- **Work item**: Up to and including the line with "set N := _ - _; set P := \sum_i _.", output the records exactly as they appear.

↓↓↓

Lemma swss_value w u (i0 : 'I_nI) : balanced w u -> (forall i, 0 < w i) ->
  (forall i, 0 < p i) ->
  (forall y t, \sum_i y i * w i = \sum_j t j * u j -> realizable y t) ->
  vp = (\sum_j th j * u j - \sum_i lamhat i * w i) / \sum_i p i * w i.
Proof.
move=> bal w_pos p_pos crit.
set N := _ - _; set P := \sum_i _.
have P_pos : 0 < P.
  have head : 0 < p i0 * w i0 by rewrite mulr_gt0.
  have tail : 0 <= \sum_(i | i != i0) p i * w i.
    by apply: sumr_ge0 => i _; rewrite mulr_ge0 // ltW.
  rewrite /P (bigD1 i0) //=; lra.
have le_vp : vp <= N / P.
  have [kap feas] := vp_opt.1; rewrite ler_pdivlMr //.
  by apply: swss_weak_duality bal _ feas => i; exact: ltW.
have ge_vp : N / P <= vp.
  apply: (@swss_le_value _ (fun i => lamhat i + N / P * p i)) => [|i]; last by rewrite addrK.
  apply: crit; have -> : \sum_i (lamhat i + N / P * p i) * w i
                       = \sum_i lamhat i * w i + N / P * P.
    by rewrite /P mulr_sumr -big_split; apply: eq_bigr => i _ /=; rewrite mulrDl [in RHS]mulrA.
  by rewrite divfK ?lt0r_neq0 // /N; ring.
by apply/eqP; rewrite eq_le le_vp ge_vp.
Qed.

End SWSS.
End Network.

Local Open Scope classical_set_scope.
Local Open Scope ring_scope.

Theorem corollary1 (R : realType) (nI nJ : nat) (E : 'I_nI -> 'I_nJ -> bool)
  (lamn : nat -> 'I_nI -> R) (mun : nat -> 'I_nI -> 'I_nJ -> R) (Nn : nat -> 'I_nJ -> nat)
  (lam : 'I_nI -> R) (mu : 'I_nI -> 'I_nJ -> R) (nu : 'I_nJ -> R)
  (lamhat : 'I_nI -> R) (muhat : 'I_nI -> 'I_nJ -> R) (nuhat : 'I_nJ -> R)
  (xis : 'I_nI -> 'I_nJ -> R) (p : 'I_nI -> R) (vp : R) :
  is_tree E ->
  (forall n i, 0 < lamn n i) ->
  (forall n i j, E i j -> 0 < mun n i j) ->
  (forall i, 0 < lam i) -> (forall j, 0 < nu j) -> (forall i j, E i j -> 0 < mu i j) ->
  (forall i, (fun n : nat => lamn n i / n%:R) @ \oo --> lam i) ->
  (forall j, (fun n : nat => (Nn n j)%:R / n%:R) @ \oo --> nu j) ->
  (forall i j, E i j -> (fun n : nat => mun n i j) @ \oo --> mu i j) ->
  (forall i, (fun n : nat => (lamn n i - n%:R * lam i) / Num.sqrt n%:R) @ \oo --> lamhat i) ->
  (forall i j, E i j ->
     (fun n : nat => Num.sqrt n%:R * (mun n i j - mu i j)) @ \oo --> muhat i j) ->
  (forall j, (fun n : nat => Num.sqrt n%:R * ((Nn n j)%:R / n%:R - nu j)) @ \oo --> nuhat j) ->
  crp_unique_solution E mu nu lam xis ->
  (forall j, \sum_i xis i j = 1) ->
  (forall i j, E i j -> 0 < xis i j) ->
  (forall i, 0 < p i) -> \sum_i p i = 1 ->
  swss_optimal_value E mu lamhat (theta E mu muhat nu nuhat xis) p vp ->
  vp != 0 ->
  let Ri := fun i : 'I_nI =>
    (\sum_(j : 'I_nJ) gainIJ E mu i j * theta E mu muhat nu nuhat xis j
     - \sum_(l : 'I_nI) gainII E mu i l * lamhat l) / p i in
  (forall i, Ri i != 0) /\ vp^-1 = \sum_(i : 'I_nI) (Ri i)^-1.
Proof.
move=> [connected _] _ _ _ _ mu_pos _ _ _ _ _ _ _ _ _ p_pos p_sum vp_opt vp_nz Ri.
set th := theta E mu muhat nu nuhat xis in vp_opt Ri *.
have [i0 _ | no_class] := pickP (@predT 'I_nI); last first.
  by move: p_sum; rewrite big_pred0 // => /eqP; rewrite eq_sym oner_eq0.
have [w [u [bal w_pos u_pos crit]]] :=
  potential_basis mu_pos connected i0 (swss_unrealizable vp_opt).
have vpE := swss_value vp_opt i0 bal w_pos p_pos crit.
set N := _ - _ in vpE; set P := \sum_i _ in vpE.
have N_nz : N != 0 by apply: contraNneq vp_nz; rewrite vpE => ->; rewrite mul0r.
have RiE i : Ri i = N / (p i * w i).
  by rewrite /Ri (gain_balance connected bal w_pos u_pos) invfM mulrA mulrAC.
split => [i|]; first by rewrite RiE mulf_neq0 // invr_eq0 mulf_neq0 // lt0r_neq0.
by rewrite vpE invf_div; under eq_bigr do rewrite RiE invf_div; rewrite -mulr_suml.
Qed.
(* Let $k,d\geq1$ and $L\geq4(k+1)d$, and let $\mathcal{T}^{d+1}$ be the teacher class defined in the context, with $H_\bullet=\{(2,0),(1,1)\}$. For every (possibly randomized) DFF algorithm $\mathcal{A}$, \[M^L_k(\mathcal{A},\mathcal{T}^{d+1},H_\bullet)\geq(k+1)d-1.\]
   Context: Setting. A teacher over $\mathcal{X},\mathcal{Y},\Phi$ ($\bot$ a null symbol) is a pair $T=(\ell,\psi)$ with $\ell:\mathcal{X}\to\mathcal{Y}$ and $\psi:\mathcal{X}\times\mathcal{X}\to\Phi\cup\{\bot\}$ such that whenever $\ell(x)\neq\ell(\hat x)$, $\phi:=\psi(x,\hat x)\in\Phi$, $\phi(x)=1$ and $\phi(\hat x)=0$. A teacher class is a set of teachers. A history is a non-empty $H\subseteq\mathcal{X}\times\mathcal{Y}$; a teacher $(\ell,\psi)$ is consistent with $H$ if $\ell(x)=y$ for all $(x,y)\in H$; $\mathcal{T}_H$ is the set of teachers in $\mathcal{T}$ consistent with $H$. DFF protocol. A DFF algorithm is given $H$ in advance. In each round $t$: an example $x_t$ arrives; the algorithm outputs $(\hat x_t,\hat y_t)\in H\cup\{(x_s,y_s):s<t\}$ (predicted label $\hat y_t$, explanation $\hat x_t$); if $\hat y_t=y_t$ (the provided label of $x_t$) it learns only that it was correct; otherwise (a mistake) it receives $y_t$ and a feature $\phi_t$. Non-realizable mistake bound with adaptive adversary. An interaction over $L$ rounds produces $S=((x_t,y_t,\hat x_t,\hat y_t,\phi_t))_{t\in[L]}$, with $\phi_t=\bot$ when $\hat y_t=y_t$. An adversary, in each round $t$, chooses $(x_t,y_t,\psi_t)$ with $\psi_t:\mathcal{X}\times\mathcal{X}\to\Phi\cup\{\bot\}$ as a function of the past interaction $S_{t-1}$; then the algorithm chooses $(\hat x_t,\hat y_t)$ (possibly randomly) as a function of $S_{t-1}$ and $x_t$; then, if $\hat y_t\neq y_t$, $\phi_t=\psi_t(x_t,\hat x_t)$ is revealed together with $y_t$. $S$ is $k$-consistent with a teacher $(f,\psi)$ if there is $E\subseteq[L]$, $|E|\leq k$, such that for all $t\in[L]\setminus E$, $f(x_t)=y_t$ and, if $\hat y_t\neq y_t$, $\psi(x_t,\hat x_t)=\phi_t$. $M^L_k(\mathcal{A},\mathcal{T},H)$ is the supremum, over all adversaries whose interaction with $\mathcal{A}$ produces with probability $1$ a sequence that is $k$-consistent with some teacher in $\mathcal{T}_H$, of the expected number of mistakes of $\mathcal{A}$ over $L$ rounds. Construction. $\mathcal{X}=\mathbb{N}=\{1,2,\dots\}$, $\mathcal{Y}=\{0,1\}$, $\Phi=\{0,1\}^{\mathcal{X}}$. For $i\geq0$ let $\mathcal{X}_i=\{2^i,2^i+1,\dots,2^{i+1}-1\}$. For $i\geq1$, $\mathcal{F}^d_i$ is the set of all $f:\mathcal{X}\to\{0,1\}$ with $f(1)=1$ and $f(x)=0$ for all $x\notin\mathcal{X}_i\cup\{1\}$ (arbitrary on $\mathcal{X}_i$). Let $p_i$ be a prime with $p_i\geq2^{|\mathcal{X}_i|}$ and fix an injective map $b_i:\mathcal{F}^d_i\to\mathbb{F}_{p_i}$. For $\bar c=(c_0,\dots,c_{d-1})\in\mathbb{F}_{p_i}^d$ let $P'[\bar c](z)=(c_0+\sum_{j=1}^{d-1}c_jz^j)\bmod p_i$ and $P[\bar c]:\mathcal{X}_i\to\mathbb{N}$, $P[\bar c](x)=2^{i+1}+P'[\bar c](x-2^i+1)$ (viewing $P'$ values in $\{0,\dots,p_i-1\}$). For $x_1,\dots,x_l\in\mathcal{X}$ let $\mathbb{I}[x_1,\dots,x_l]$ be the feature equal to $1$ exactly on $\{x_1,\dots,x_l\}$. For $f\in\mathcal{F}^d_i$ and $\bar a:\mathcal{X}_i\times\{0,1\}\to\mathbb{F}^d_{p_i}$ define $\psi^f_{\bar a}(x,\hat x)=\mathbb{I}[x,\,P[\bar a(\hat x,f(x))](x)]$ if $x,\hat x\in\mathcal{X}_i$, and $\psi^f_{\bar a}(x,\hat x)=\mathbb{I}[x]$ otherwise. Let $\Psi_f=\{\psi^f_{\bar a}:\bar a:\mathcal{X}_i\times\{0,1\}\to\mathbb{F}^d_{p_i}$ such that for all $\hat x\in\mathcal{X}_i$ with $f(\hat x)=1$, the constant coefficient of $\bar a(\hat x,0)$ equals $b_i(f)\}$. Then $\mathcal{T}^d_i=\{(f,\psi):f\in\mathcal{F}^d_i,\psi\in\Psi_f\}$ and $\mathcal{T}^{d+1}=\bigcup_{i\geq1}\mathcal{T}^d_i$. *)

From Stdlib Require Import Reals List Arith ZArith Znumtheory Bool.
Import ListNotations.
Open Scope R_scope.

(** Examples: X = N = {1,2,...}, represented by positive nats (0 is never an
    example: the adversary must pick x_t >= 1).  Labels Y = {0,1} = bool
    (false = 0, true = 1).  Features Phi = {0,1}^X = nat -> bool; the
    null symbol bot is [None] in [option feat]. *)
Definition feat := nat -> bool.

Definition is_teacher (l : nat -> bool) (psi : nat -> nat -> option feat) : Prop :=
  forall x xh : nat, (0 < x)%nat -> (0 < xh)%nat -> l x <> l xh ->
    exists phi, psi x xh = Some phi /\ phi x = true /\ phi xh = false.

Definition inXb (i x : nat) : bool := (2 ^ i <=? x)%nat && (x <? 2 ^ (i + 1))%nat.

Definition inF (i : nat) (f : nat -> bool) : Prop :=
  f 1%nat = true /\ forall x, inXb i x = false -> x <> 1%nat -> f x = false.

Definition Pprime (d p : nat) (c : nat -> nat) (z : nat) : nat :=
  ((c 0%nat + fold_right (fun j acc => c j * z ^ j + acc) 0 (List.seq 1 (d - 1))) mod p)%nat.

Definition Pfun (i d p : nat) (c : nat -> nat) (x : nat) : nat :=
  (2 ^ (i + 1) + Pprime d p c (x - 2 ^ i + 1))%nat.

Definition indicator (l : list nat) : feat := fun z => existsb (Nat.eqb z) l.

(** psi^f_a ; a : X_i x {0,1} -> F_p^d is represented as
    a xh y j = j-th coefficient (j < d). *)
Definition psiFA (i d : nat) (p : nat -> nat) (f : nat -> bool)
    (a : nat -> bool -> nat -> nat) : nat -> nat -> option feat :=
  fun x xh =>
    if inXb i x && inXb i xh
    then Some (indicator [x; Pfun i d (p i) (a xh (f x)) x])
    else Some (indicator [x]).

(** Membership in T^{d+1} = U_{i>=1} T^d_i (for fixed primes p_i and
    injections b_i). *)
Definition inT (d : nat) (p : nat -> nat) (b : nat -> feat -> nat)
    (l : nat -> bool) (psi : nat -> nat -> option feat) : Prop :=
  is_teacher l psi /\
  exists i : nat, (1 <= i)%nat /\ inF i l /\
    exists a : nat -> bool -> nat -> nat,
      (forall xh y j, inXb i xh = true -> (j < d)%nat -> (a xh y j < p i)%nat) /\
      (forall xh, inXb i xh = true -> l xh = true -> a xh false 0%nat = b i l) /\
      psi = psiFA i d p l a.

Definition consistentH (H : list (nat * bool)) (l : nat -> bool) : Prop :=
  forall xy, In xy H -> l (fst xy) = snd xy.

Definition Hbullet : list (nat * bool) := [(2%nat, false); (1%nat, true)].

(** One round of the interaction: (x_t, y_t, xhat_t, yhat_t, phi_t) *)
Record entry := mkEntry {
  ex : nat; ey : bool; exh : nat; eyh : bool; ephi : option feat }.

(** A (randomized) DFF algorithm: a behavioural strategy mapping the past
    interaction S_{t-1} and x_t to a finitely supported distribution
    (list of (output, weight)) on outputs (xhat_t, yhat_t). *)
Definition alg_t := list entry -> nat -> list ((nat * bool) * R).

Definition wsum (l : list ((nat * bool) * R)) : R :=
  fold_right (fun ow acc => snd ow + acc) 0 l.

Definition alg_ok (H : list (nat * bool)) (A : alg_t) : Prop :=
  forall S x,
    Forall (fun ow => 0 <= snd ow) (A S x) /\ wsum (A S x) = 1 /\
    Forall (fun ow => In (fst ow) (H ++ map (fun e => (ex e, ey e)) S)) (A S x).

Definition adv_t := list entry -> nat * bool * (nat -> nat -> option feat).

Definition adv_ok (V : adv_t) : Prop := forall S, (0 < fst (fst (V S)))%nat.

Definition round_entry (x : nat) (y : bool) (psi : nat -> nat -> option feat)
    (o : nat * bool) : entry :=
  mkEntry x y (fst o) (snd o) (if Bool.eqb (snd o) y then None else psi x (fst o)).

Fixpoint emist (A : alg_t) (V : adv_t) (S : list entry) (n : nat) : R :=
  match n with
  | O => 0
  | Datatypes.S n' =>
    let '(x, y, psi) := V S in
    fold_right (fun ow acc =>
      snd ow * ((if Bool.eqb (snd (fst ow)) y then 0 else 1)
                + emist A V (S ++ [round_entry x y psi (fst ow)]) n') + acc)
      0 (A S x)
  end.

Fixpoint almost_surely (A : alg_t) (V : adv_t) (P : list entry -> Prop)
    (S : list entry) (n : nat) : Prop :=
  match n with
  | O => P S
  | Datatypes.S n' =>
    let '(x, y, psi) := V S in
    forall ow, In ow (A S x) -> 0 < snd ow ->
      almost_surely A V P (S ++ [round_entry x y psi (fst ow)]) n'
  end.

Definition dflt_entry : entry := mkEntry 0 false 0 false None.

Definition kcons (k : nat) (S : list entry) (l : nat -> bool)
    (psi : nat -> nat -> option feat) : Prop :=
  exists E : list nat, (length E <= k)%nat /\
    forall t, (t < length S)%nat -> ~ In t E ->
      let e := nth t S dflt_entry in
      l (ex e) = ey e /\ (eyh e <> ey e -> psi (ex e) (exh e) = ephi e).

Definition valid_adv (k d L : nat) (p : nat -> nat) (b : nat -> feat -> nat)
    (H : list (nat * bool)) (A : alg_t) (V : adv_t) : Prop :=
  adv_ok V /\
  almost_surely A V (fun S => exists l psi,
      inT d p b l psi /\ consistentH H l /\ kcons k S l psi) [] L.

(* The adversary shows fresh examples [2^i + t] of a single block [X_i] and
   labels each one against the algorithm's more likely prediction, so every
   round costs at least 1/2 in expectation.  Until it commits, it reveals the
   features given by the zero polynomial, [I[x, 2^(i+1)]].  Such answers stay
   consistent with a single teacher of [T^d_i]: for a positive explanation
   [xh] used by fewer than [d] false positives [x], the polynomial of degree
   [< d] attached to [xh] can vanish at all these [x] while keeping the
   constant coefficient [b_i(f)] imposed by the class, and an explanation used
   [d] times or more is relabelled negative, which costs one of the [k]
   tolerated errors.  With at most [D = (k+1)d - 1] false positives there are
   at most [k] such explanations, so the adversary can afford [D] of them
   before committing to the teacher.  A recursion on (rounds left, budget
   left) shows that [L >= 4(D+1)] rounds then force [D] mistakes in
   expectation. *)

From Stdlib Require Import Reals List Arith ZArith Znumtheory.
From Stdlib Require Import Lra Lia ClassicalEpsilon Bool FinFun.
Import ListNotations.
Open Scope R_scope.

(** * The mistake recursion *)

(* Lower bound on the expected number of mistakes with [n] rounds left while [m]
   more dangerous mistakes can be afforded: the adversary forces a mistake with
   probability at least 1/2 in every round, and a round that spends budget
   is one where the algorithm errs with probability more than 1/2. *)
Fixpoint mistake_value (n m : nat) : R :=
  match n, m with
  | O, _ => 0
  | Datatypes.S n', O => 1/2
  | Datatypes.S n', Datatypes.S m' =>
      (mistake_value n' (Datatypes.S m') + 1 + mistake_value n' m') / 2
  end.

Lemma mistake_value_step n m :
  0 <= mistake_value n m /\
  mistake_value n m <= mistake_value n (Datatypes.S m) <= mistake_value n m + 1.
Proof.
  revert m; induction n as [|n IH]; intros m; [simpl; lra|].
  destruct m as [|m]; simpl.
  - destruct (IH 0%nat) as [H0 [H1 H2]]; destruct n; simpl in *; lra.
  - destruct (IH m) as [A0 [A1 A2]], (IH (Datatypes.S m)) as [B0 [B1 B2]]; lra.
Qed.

↑↑↑

- **Answer to the problem**:
Lemma swss_value w u (i0 : 'I_nI) : balanced w u -> (forall i, 0 < w i) ->
  (forall i, 0 < p i) ->
  (forall y t, \sum_i y i * w i = \sum_j t j * u j -> realizable y t) ->
  vp = (\sum_j th j * u j - \sum_i lamhat i * w i) / \sum_i p i * w i.
Proof.
move=> bal w_pos p_pos crit.
set N := _ - _; set P := \sum_i _.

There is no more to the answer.